-- EXTRACTED ENTRIES follows --
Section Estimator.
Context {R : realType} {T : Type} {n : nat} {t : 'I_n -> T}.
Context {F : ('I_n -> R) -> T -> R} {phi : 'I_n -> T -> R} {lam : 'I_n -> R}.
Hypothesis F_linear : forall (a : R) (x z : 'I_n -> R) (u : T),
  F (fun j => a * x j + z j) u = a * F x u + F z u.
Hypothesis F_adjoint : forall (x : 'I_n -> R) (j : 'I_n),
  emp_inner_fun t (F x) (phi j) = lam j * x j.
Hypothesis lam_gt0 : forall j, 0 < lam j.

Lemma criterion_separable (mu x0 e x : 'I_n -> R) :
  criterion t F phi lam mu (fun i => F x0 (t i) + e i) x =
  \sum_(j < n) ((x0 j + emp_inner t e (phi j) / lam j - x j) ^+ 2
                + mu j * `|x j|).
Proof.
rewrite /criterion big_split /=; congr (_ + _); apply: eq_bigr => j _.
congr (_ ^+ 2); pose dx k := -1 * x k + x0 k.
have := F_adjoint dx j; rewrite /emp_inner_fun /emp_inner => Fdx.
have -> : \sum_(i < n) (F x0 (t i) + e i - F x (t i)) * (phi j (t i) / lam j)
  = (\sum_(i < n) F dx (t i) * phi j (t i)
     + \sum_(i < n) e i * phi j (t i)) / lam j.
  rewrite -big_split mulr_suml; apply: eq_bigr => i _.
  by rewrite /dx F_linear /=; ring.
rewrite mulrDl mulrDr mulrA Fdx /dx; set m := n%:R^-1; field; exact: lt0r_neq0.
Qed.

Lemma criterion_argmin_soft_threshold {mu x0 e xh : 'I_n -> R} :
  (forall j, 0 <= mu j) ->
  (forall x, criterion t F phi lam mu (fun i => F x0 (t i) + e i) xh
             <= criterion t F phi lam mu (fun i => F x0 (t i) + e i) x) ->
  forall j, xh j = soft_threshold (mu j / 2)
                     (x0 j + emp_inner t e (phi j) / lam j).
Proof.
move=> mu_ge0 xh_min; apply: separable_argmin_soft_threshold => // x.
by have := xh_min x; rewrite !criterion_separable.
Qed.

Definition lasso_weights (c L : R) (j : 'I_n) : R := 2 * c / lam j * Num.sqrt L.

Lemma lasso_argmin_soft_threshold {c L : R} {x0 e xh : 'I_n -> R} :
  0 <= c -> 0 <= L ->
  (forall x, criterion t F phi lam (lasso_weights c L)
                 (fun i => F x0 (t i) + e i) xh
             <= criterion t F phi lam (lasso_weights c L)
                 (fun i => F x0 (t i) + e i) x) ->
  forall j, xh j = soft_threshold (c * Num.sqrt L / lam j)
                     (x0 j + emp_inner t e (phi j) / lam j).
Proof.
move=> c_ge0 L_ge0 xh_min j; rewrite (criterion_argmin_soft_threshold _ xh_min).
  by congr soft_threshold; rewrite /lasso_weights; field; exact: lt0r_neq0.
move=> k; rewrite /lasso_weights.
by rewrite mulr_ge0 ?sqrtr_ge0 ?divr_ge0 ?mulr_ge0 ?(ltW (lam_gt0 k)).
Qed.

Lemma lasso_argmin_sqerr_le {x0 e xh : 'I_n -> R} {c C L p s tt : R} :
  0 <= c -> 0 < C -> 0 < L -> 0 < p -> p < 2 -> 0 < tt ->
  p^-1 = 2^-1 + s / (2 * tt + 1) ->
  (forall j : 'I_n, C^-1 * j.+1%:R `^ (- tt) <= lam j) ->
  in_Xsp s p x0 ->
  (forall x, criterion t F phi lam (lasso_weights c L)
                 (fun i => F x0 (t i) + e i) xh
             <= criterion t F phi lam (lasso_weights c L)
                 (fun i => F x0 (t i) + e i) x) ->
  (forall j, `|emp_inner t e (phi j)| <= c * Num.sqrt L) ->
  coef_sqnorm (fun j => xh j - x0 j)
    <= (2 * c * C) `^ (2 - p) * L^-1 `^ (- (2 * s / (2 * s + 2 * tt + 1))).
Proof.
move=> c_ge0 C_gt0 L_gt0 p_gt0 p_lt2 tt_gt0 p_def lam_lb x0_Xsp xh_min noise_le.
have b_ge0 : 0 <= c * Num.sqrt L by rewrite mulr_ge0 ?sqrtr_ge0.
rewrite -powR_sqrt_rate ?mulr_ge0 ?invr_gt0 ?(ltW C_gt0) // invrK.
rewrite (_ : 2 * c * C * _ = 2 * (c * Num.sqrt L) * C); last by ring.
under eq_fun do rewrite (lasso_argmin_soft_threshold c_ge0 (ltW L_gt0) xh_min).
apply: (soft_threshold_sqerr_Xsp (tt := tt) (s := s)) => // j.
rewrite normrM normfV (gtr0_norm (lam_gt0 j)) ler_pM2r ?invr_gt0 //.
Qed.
-- EXTRACTED ENTRIES concluded --
## WHAT IS BEING ASKED:
Write out every line of the listing that holds the word "forall".

## SOLVED PROBLEM:
Hypothesis F_linear : forall (a : R) (x z : 'I_n -> R) (u : T),
Hypothesis F_adjoint : forall (x : 'I_n -> R) (j : 'I_n),
Hypothesis lam_gt0 : forall j, 0 < lam j.
  (forall j, 0 <= mu j) ->
  (forall x, criterion t F phi lam mu (fun i => F x0 (t i) + e i) xh
  forall j, xh j = soft_threshold (mu j / 2)
  (forall x, criterion t F phi lam (lasso_weights c L)
  forall j, xh j = soft_threshold (c * Num.sqrt L / lam j)
  (forall j : 'I_n, C^-1 * j.+1%:R `^ (- tt) <= lam j) ->
  (forall x, criterion t F phi lam (lasso_weights c L)
  (forall j, `|emp_inner t e (phi j)| <= c * Num.sqrt L) ->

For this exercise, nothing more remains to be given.